Any thoughts or advice?

Posted

It sounds like the classic signs of cold feet. You're pulling at straws to find a reason not to do this. Sit down with your g/f and talk it out, see if you can't get some clarity about what your reservations are.

 

If after this, you're honestly not committed, don't continue down this course. You'll only hurt both of you more.

Posted

I think that this may be your insecurities getting the worst of you... you say when you guys see guys that she never flirts.. that right there should be a HUGE indicator of her position with you. I think that maybe you should slow things down.. have you thought about maybe just moving in together and waiting for the engagement.. maybe if you take one step at a time you won't be sooo overwelhmed.

 

One other thing.. just because she has been with so many guys does NOT mean that she will cheat on you.. maybe she's met the one guy in her life that is for her... definatly don't be afraid of this.. she hasn't cheated on you yet right?? This could be a huge regret.. in 15 years she could still be faithful... I think the saying goes somethin like this...
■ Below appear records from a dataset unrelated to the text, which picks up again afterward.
(* Fix $\gamma\in\Gamma$ and an edge $l\in\mathcal E$. Consider the cascade with initial demand $d=e_1+\varepsilon\gamma$ (so node $1$ has the largest demand) in which edge $l$ fails first. Then there is $\varepsilon_0>0$ such that the cascade sequence (the sets of edges failing at each step) and the final graph $\mathcal G^{(\mathrm{end})}$ are the same for all $0<\varepsilon<\varepsilon_0$.
   Context: $\mathcal G=(\mathcal N,\mathcal E)$ is a simple connected graph with nodes $\{1,\dots,n\}$, $m$ edges with orientations chosen so that $Vd\ge0$ for small $\varepsilon$, incidence matrix $C$ ($C_{e,i}=1$ if $e$ enters $i$, $-1$ if it leaves $i$, else $0$), PTDF matrix $V=C(C^TC)^+$, $e$ all-ones, $\lambda\in(0,1)$, $\lambda^*\ge\lambda$. $\Gamma=\{\gamma\in\mathbb R^n:\gamma_1=0,\gamma\ge0,e^T\gamma=1\}$. $g^*(d)$ is the unique minimizer of $\frac12\sum_ig_i^2$ over $g\ge0$ with $e^Tg=e^Td$ and $-\lambda|Vd|\le V(d-g)\le\lambda|Vd|$. Cascade: emergency limits $F=\lambda^*|Vd|$. Start with $\mathcal G^{(1)}=\mathcal G$, $d^{(1)}=d$, $g^{(1)}=g^*(d)$; the first failing edge is removed. Whenever $\mathcal G^{(r+1)}$ (node set $\mathcal N$, surviving edges $\mathcal E^{(r+1)}$) is obtained by removing edges, for each connected component with node set $\mathcal N_{\mathcal C}$ put $\theta=\sum_{\mathcal N_{\mathcal C}}d^{(r)}_i/\sum_{\mathcal N_{\mathcal C}}g^{(r)}_i$; if $\theta\ge1$ set $d^{(r+1)}_i=d^{(r)}_i/\theta$, $g^{(r+1)}_i=g^{(r)}_i$, and if $\theta\le1$ set $d^{(r+1)}_i=d^{(r)}_i$, $g^{(r+1)}_i=\theta g^{(r)}_i$ on $\mathcal N_{\mathcal C}$. Flows $f^{(r+1)}=V^{(r+1)}(d^{(r+1)}-g^{(r+1)})$ with $V^{(r+1)}$ the PTDF matrix of $\mathcal G^{(r+1)}$ (incidence matrix with removed rows zeroed); relative exceedances $\psi^{(r+1)}_e=|f^{(r+1)}_e|/F_e$, $e\in\mathcal E^{(r+1)}$. If none exceeds $1$ the cascade stops; otherwise the edges $T(\mathcal M)$ fail, where $\mathcal M$ is the set of maximizers of $\psi^{(r+1)}$ and $T:2^{\mathcal E}\to2^{\mathcal E}$ is a fixed deterministic tie-breaking rule with $\emptyset\ne T(\mathcal M)\subseteq\mathcal M$. $\mathcal G^{(\mathrm{end})}$ is the graph when the cascade stops. *)

From HB Require Import structures.
From mathcomp Require Import all_boot all_order all_algebra.
From mathcomp Require Import boolp reals constructive_ereal.
From mathcomp Require classical_sets.
Set Implicit Arguments. Unset Strict Implicit. Unset Printing Implicit Defensive.
Import Order.TTheory GRing.Theory Num.Theory.
Local Open Scope ring_scope.

Section Cascade.
Variables (R : realType) (n m : nat).
(* nodes are 'I_n.+1 (node "1" of the paper is ord0); edges are 'I_m;
   edge e is oriented from src e to tgt e *)
Variables (src tgt : 'I_m -> 'I_n.+1).

Definition simple_graph : Prop :=
  (forall e, src e != tgt e) /\
  (forall e e', ((src e == src e') && (tgt e == tgt e'))
                || ((src e == tgt e') && (tgt e == src e')) -> e = e').

Definition adjS (S : {set 'I_m}) : rel 'I_n.+1 :=
  fun i j => [exists e in S, ((src e == i) && (tgt e == j))
                             || ((src e == j) && (tgt e == i))].

Definition connected_graph : Prop := forall i j, connect (adjS setT) i j.

Definition comp (S : {set 'I_m}) (i : 'I_n.+1) : {set 'I_n.+1} :=
  [set j | connect (adjS S) i j].

Definition incidence : 'M[R]_(m, n.+1) :=
  \matrix_(e, i) ((tgt e == i)%:R - (src e == i)%:R).

Definition incidenceS (S : {set 'I_m}) : 'M[R]_(m, n.+1) :=
  \matrix_(e, i) (if e \in S then incidence e i else 0).

Definition penrose (p q : nat) (A : 'M[R]_(p, q)) (X : 'M[R]_(q, p)) : Prop :=
  [/\ A *m X *m A = A, X *m A *m X = X,
      (A *m X)^T = A *m X & (X *m A)^T = X *m A].
Definition pinv (p q : nat) (A : 'M[R]_(p, q)) : 'M[R]_(q, p) :=
  classical_sets.xget 0 (penrose A).

Definition ptdf (S : {set 'I_m}) : 'M[R]_(m, n.+1) :=
  incidenceS S *m pinv ((incidenceS S)^T *m incidenceS S).

Definition absv (p : nat) (v : 'cV[R]_p) : 'cV[R]_p := map_mx (fun x => `|x|) v.

Definition gfeasible (lam : R) (d g : 'cV[R]_n.+1) : Prop :=
  [/\ forall i, 0 <= g i 0,
      \sum_i g i 0 = \sum_i d i 0 &
      forall e, - (lam * `|(ptdf setT *m d) e 0|) <= (ptdf setT *m (d - g)) e 0
                <= lam * `|(ptdf setT *m d) e 0| ].

Definition gobj (g : 'cV[R]_n.+1) : R := 2^-1 * \sum_i (g i 0) ^+ 2.

Definition gstar (lam : R) (d : 'cV[R]_n.+1) : 'cV[R]_n.+1 :=
  classical_sets.xget 0 (fun g => gfeasible lam d g /\
                   forall g', gfeasible lam d g' -> gobj g <= gobj g').

(* proportional rebalancing on each component of the graph with edges S *)
Definition comp_sums (S : {set 'I_m}) (d g : 'cV[R]_n.+1) (i : 'I_n.+1) : R * R :=
  (\sum_(j in comp S i) d j 0, \sum_(j in comp S i) g j 0).

Definition rebal_d (S : {set 'I_m}) (d g : 'cV[R]_n.+1) : 'cV[R]_n.+1 :=
  \col_i (let: (sd, sg) := comp_sums S d g i in
          if sg == 0 then (if sd == 0 then d i 0 else 0)   (* theta = +oo *)
          else let theta := sd / sg in
               if 1 <= theta then d i 0 / theta else d i 0).

Definition rebal_g (S : {set 'I_m}) (d g : 'cV[R]_n.+1) : 'cV[R]_n.+1 :=
  \col_i (let: (sd, sg) := comp_sums S d g i in
          if sg == 0 then g i 0
          else let theta := sd / sg in
               if 1 <= theta then g i 0 else theta * g i 0).

(* relative exceedance |f_e| / F_e, in the extended reals (x/0 = +oo for x>0) *)
Definition psi (F f : 'cV[R]_m) (e : 'I_m) : \bar R :=
  if F e 0 == 0 then (if f e 0 == 0 then 0%E else +oo%E)
  else (`|f e 0| / F e 0)%:E.

Variable (T : {set 'I_m} -> {set 'I_m}).  (* tie-breaking rule *)
Variable (F : 'cV[R]_m).

(* Each step removes >= 1 edge, so fuel m suffices. *)
Fixpoint cascade_from (fuel : nat) (S Fail : {set 'I_m}) (d g : 'cV[R]_n.+1)
  : seq {set 'I_m} * {set 'I_m} :=
  let S' := S :\: Fail in
  let d' := rebal_d S' d g in
  let g' := rebal_g S' d g in
  let f := ptdf S' *m (d' - g') in
  if [forall e in S', (psi F f e <= 1%:E)%E] then ([:: Fail], S')
  else match fuel with
       | 0 => ([:: Fail], S')
       | fuel'.+1 =>
         let M := [set e in S' | [forall e' in S', (psi F f e' <= psi F f e)%E]] in
         let r := cascade_from fuel' S' (T M) d' g' in
         (Fail :: r.1, r.2)
       end.

End Cascade.

Definition cascade (R : realType) (n m : nat) (src tgt : 'I_m -> 'I_n.+1)
  (lam lamS : R) (T : {set 'I_m} -> {set 'I_m}) (l : 'I_m) (d : 'cV[R]_n.+1)
  : seq {set 'I_m} * {set 'I_m} :=
  let V := @ptdf R n m src tgt setT in
  let F := lamS *: absv (V *m d) in
  @cascade_from R n m src tgt T F m setT [set l] d (@gstar R n m src tgt lam d).

Definition in_Gamma (R : realType) (n : nat) (gam : 'cV[R]_n.+1) : Prop :=
  [/\ gam ord0 0 = 0, forall i, 0 <= gam i 0 & \sum_i gam i 0 = 1].

Definition demand (R : realType) (n : nat) (gam : 'cV[R]_n.+1) (eps : R) : 'cV[R]_n.+1 :=
  \col_i ((i == ord0)%:R) + eps *: gam.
"Better to have loved and lost than to never to have loved at all...."

Posted

I think it's a combo of things.

 

I think the wondering if you two are compatible is a result of moving from a short-term, have fun together attitude, to more of a 'life-long' out look toward the relationship. Like buying a car... for lack of a better example.. My friends car is the bomb to drive... I might think about buying it in a hypothetical kind of way and how cool that'd be, but faced with it in reality, I think I'd take a good hard look at all the things wrong with it and decide if the car is actually compatible with my life.

 

I think that's kind of what's happening to you right now. The idea of being together long term is pleasing, but now that the reality is to make the decision.. I think you're starting to wonder if the idea is really compatible with your life and what you want.

 

Second issue I think you're dealing with is the "other experiences" your girl has had. It could be that in the past it didn't bother you quite so much because you had the option of in the future experiencing as much or more as your girl has. It was an option, and you chose not to take it, but the option still existed. Engagment is giving up that option of ever having those experiences in the future. You lose the ability to change your mind in the future. Having a choice to change your mind is worth a great deal, and you'll be losing that if you get married. So I could see why you would be jealous of what your girlfriend had. You not only missed that the opportunity in the past, but you're giving up your option to have that in the future. It could make a person feel resentful.

 

I guess, if I were in your shoes.. I'd try to break the issues into smaller parts, and attempt to resolve what you can. Then build off of that. Right now I think you see an incredibly complex issue and its overwhelming to you.

Posted

Word of advice:

 

Please settle this conflict of jealousy over the fact that she had more sexual partners then you...BEFORE you get married!

 

I have a friend who has had many partners and her husband had a few. After they got married, he found a journal that mentioned some of the guys she slept with. He got extremely jealous after reading it and is totally using it against her. She regrets even keeping the journal and forgot she even had it. But, it definately did have a HUGE impact on their marriage....and not for the better. Now he is so insecure that he thinks she is gonna cheat on him. But, these were all men from BEFORE she even met him! She was in serious relationships with pretty much all of them. She has told him numerous times that she is happy with him and would NEVER cheat. But that insecurity is there....and now they are headed for divorce. He brings that up everytime they fight.. Its a lost cause.

 

So before you marry this woman and settle down with it, you should definately decide whether or not you can deal with this fact. If you can get over it, do so and drop it. IF you can't, then I wouldn't rush into anything w/ her. It will come back to haunt you later on.